- _Directions for this task_: Using the lines below, work out the count of those that hold "Jobj". Give the number only.

BEGIN The data

(* Consider the multi-subflow routing problem described in the context. Assume $e_{ij}^k(\mathbf{y})>0$ for all $(i,j)\in\mathcal{A}$, all $k$ and all $\mathbf{y}\in\{0,1\}^N$, that at least one directed path from $1$ to $n$ exists, and that every subflow must recharge: for every routing $x$ in which each $x^k$ is the indicator of a simple directed $1$–$n$ path $P^k$, and every $k$, $\sum_{(i,j)\in P^k} e_{ij}^k(\mathbf{x}_{ij})>E_1^k$. Consider the routing-only problem $$\text{(R)}\quad\min_{x}\ \sum_{(i,j)\in\mathcal{A}}\sum_{k=1}^N\Bigl(\tau_{ij}^k(\mathbf{x}_{ij})+g\,e_{ij}^k(\mathbf{x}_{ij})\,x_{ij}^k\Bigr)$$ over all $x=(x_{ij}^k)$ such that, for each $k$, the arcs with $x_{ij}^k=1$ form a simple directed path from $1$ to $n$. Then the multi-subflow routing problem has an optimal solution, its optimal value equals $(\text{optimal value of (R)})-g\sum_{k=1}^N E_1^k$, and for every optimal solution $(x^*,r^*,E^* )$ of the multi-subflow routing problem, $x^*$ is an optimal solution of (R).
   Context: Let $G=(\mathcal{N},\mathcal{A})$ be a directed graph with $\mathcal{N}=\{1,\dots,n\}$, $n\ge2$, $I(i)=\{j:(j,i)\in\mathcal{A}\}$, $O(i)=\{j:(i,j)\in\mathcal{A}\}$, with $I(1)=\emptyset$ and $O(n)=\emptyset$ (origin $1$, destination $n$). There are $N\ge1$ vehicle subflows $k=1,\dots,N$. Decision variables: $x_{ij}^k\in\{0,1\}$ for $(i,j)\in\mathcal{A}$ and each $k$, recharging amounts $r_i^k\ge0$ for $i\in\mathcal{N}$ and each $k$, and residual energies $E_j^k$, $j=2,\dots,n$. Write $\mathbf{x}_{ij}=(x_{ij}^1,\dots,x_{ij}^N)\in\{0,1\}^N$. For each arc and each $k$ there are given real-valued functions $\tau_{ij}^k(\mathbf{x}_{ij})$ (travel time of subflow $k$ on arc $(i,j)$, depending on congestion) and $e_{ij}^k(\mathbf{x}_{ij})$ (energy consumption of subflow $k$ on arc $(i,j)$). Given constants: initial energies $E_1^k\ge0$ and $g>0$ (charging time per unit energy). A triple $(x,r,E)$ is feasible if for every $k$: (a) the arcs with $x_{ij}^k=1$ form a simple directed path from $1$ to $n$; (b) $E_j^k=\sum_{i\in I(j)}\bigl(E_i^k+r_i^k-e_{ij}^k(\mathbf{x}_{ij})\bigr)x_{ij}^k$ for $j=2,\dots,n$; (c) $E_i^k\ge0$ for all $i$. The objective to be minimized is $J(x,r)=\sum_{(i,j)\in\mathcal{A}}\sum_{k=1}^N\bigl(\tau_{ij}^k(\mathbf{x}_{ij})+g\,r_i^k x_{ij}^k\bigr)$. An optimal solution is a feasible solution minimizing $J$. *)

From HB Require Import structures.
From mathcomp Require Import all_boot all_order all_algebra.
Set Implicit Arguments. Unset Strict Implicit. Unset Printing Implicit Defensive.
Import Order.TTheory GRing.Theory Num.Theory.
Local Open Scope ring_scope.

(* Nodes are 'I_n; arcs are given by a relation A : rel 'I_n ((i,j) is an arc
   iff A i j).  A routing x assigns to each ordered pair
   (i,j) the vector x_ij = (x_ij^1,...,x_ij^N) in {0,1}^N (only arcs matter). *)

Definition routing (n N : nat) := 'I_n -> 'I_n -> {ffun 'I_N -> bool}.

Definition simple_path_arcs (n : nat) (A : rel 'I_n) (S : 'I_n -> 'I_n -> bool)
    (s t : 'I_n) : Prop :=
  exists p : seq 'I_n,
    [/\ path A s p, last s p = t, uniq (s :: p) &
        forall i j, A i j -> S i j = ((i, j) \in zip (s :: p) p)].

Definition valid_routing (n N : nat) (A : rel 'I_n) (s t : 'I_n)
    (x : routing n N) : Prop :=
  forall k : 'I_N, simple_path_arcs A (fun i j => x i j k) s t.

(* residual energy, with the given initial energy E1 at the origin s;
   the decision variables E are those at nodes j <> s *)
Definition Eext (R : realFieldType) (n N : nat) (s : 'I_n) (E1 : 'I_N -> R)
    (E : 'I_n -> 'I_N -> R) (i : 'I_n) (k : 'I_N) : R :=
  if i == s then E1 k else E i k.

Definition feasible (R : realFieldType) (n N : nat) (A : rel 'I_n) (s t : 'I_n)
    (e : 'I_n -> 'I_n -> 'I_N -> {ffun 'I_N -> bool} -> R) (E1 : 'I_N -> R)
    (x : routing n N) (r : 'I_n -> 'I_N -> R) (E : 'I_n -> 'I_N -> R) : Prop :=
  [/\ valid_routing A s t x,
      (forall i k, 0 <= r i k),
      (forall j k, j != s ->
         E j k = \sum_(i : 'I_n | A i j)
                   (Eext s E1 E i k + r i k - e i j k (x i j)) * (x i j k)%:R) &
      (forall i k, 0 <= Eext s E1 E i k)].

Definition Jobj (R : realFieldType) (n N : nat) (A : rel 'I_n)
    (tau : 'I_n -> 'I_n -> 'I_N -> {ffun 'I_N -> bool} -> R) (g : R)
    (x : routing n N) (r : 'I_n -> 'I_N -> R) : R :=
  \sum_(i : 'I_n) \sum_(j : 'I_n | A i j) \sum_(k : 'I_N)
     (tau i j k (x i j) + g * r i k * (x i j k)%:R).

Definition JRobj (R : realFieldType) (n N : nat) (A : rel 'I_n)
    (tau e : 'I_n -> 'I_n -> 'I_N -> {ffun 'I_N -> bool} -> R) (g : R)
    (x : routing n N) : R :=
  \sum_(i : 'I_n) \sum_(j : 'I_n | A i j) \sum_(k : 'I_N)
     (tau i j k (x i j) + g * e i j k (x i j) * (x i j k)%:R).

Definition optimal_MSR (R : realFieldType) (n N : nat) (A : rel 'I_n) (s t : 'I_n)
    (tau e : 'I_n -> 'I_n -> 'I_N -> {ffun 'I_N -> bool} -> R) (g : R)
    (E1 : 'I_N -> R) (x : routing n N) (r : 'I_n -> 'I_N -> R)
    (E : 'I_n -> 'I_N -> R) : Prop :=
  feasible A s t e E1 x r E /\
  forall x' r' E', feasible A s t e E1 x' r' E' -> Jobj A tau g x r <= Jobj A tau g x' r'.

Definition optimal_R (R : realFieldType) (n N : nat) (A : rel 'I_n) (s t : 'I_n)
    (tau e : 'I_n -> 'I_n -> 'I_N -> {ffun 'I_N -> bool} -> R) (g : R)
    (x : routing n N) : Prop :=
  valid_routing A s t x /\
  forall x', valid_routing A s t x' -> JRobj A tau e g x <= JRobj A tau e g x'.

From HB Require Import structures.
From mathcomp Require Import all_boot all_order all_algebra.
From mathcomp Require Import ring.
From Stdlib Require Import ClassicalEpsilon FunctionalExtensionality.
Import Order.TTheory GRing.Theory Num.Theory.
Local Open Scope ring_scope.
Set Implicit Arguments. Unset Strict Implicit.

(* Fix a feasible (x, r, E).  Along the simple path of subflow k
   the energy-balance constraint reads E_j = E_i + r_i - e_ij on every path arc
   (i, j), so summing over the path telescopes to
       sum of r along the path = E_t - E_1 + sum of e along the path.
   Summing over k, the objective splits as
       J(x, r) = JR(x) - g * sum_k E_1^k + g * sum_k E_t^k,            (decomp)
   and since E_t >= 0 and g > 0, J(x, r) >= JR(x) - g * sum_k E_1^k.
   Conversely, for any valid routing x, recharging at the origin exactly the
   energy the path needs beyond E_1 (nonnegative by the recharge hypothesis)
   and carrying the "energy still to go" as residual energy gives a feasible
   (r, E) with E_t = 0, attaining the bound.  Hence MSR and (R) share their
   minimizers up to the constant shift; (R) has a minimizer because routings
   range over a finite set. *)

Section PathArcs.
Variable T : eqType.

Lemma mem_zip_path (a : T) l u :
  u \in zip (a :: l) l -> (u.1 \in a :: l) /\ (u.2 \in l).
Proof.
elim: l a => [|b l IH] a //=; rewrite in_cons => /orP[/eqP -> /=|/IH [H1 H2]].
  by rewrite !in_cons !eqxx ?orbT.
by split; apply/orP; right.
Qed.

Lemma zip_path_arc (A : rel T) a l u :
  path A a l -> u \in zip (a :: l) l -> A u.1 u.2.
Proof.
elim: l a => [|b l IH] a //= /andP[Hab Hp].
by rewrite in_cons => /orP[/eqP -> //|]; exact: IH.
Qed.

Lemma zip_path_pred_unique (a : T) l i i' j : uniq (a :: l) ->
  (i, j) \in zip (a :: l) l -> (i', j) \in zip (a :: l) l -> i = i'.
Proof.
elim: l a => [|b l IH] a //=; rewrite in_cons => /andP[_ /andP[Hbl Hu]].
move=> /orP[/eqP [-> Hj]|H1] /orP[/eqP [-> Hj']|H2] //.
- by have [_ /= H] := mem_zip_path H2; rewrite -Hj H in Hbl.
- by have [_ /= H] := mem_zip_path H1; rewrite -Hj' H in Hbl.
- by apply: (IH b) => //=; rewrite Hbl Hu.
Qed.

Lemma zip_path_pred_exists (a : T) l j :
  j \in l -> exists i, (i, j) \in zip (a :: l) l.
Proof.
elim: l a => [|b l IH] a //=; rewrite in_cons => /orP[/eqP ->|/(IH b) [i Hi]].
  by exists a; rewrite in_cons eqxx.
by exists i; rewrite in_cons Hi orbT.
Qed.

Lemma telescope_zip_path (R : zmodType) (F : T -> R) a l :
  \sum_(u <- zip (a :: l) l) (F u.2 - F u.1) = F (last a l) - F a.
Proof.
elim: l a => [|b l IH] a /=; first by rewrite big_nil subrr.
by rewrite big_cons IH /= addrC addrA subrK.
Qed.

End PathArcs.

Section EnergyToGo.
Variables (R : realDomainType) (T : eqType) (w : T -> T -> R).

Definition path_weight (a : T) (l : seq T) : R :=
  \sum_(u <- zip (a :: l) l) w u.1 u.2.

(* the weight of the part of the path a :: l after node v (0 off the path):
   the residual energy a vehicle arriving with no spare energy has at v *)
Fixpoint energy_to_go (a : T) (l : seq T) (v : T) : R :=
  if v == a then path_weight a l
  else if l is b :: l' then energy_to_go b l' v else 0.

Lemma energy_to_go_head a l : energy_to_go a l a = path_weight a l.
Proof. by case: l => [|b l] /=; rewrite eqxx. Qed.

Lemma energy_to_go_arc a l i j : uniq (a :: l) ->
  (i, j) \in zip (a :: l) l -> energy_to_go a l i = w i j + energy_to_go a l j.
Proof.
elim: l a => [|b l IH] a //=.
rewrite !in_cons negb_or => /andP[/andP[Hab Hal] Hu] /orP[/eqP [-> ->]|H].
  by rewrite eqxx eq_sym (negbTE Hab) energy_to_go_head /path_weight big_cons.
have [/= H1 H2] := mem_zip_path H.
have -> : (i == a) = false.
  apply/eqP => Ei; move: H1; rewrite in_cons -Ei in Hab Hal *.
  by rewrite (negbTE Hab) (negbTE Hal).
have -> : (j == a) = false by apply/eqP => Ej; rewrite -Ej H2 in Hal.
exact: IH.
Qed.

Lemma energy_to_go_off a l v : v \notin a :: l -> energy_to_go a l v = 0.
Proof.
elim: l a => [|b l IH] a /=; rewrite in_cons negb_or => /andP[/negbTE -> H] //.
exact: IH.
Qed.

Lemma energy_to_go_last a l : uniq (a :: l) -> energy_to_go a l (last a l) = 0.
Proof.
elim: l a => [|b l IH] a /=; first by rewrite eqxx /path_weight big_nil.
rewrite in_cons negb_or => /andP[/andP[Hab Hal] Hu].
have : last b l \in b :: l by exact: mem_last.
case: eqP => [->|_ _]; first by rewrite in_cons (negbTE Hab) (negbTE Hal).
exact: IH.
Qed.

Variable A : rel T.
Hypothesis (w_ge0 : forall i j, A i j -> 0 <= w i j).

Lemma path_weight_ge0 a l : path A a l -> 0 <= path_weight a l.
Proof.
by move=> Hp; rewrite /path_weight big_seq sumr_ge0 // => u /(zip_path_arc Hp) /w_ge0.
Qed.

Lemma energy_to_go_ge0 a l v : path A a l -> 0 <= energy_to_go a l v.
Proof.
elim: l a => [|b l IH] a /=; first by case: (v == a); rewrite // /path_weight big_nil.
move=> Hp; case: (v == a); first exact: path_weight_ge0.
by apply: IH; case/andP: Hp.
Qed.

End EnergyToGo.

Section SelectedArcs.
Variables (R : pzRingType) (n : nat) (A : rel 'I_n).
Variables (z : seq ('I_n * 'I_n)) (y : 'I_n -> 'I_n -> bool).
Hypothesis y_def : forall i j, A i j -> y i j = ((i, j) \in z).

Lemma sum_selected_arcs (F : 'I_n -> 'I_n -> R) :
  uniq z -> (forall u, u \in z -> A u.1 u.2) ->
  \sum_i \sum_(j | A i j) F i j * (y i j)%:R = \sum_(u <- z) F u.1 u.2.
Proof.
move=> Hu HA.
rewrite (pair_big_dep xpredT (fun i j => A i j) (fun i j => F i j * (y i j)%:R)) /=.
rewrite (big_uniq _ Hu) /= big_mkcond [RHS]big_mkcond /=.
apply: eq_bigr => -[i j] _ /=; case Hij: (A i j) => /=.
  by rewrite y_def //; case: ((i, j) \in z); rewrite ?mulr1 ?mulr0.
by case Hz: ((i, j) \in z) => //; move: (HA _ Hz); rewrite /= Hij.
Qed.

Lemma sum_in_arc (G : 'I_n -> R) i j :
  A i j -> (i, j) \in z -> (forall i', (i', j) \in z -> i' = i) ->
  \sum_(i' | A i' j) G i' * (y i' j)%:R = G i.
Proof.
move=> HA Hz Hun.
rewrite (bigD1 i) //= y_def // Hz mulr1 big1 ?addr0 // => i' /andP[Hi' Hne].
rewrite y_def //; case Hz': ((i', j) \in z); last by rewrite mulr0.
by rewrite (Hun _ Hz') eqxx in Hne.
Qed.

End SelectedArcs.

Lemma objective_split (R : pzRingType) (n N : nat) (A : rel 'I_n)
    (a w : 'I_n -> 'I_n -> 'I_N -> R) (y : 'I_n -> 'I_n -> 'I_N -> bool) (g : R) :
  \sum_i \sum_(j | A i j) \sum_k (a i j k + g * w i j k * (y i j k)%:R)
  = \sum_i \sum_(j | A i j) \sum_k a i j k
    + g * \sum_k \sum_i \sum_(j | A i j) w i j k * (y i j k)%:R.
Proof.
have -> : \sum_k \sum_i \sum_(j | A i j) w i j k * (y i j k)%:R
    = \sum_i \sum_(j | A i j) \sum_k w i j k * (y i j k)%:R.
  by rewrite exchange_big /=; apply: eq_bigr => i _; rewrite exchange_big.
rewrite mulr_sumr -big_split /=; apply: eq_bigr => i _.
rewrite mulr_sumr -big_split /=; apply: eq_bigr => j _.
by rewrite mulr_sumr -big_split /=; apply: eq_bigr => k _; rewrite mulrA.
Qed.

END The data

- _Output below_: 2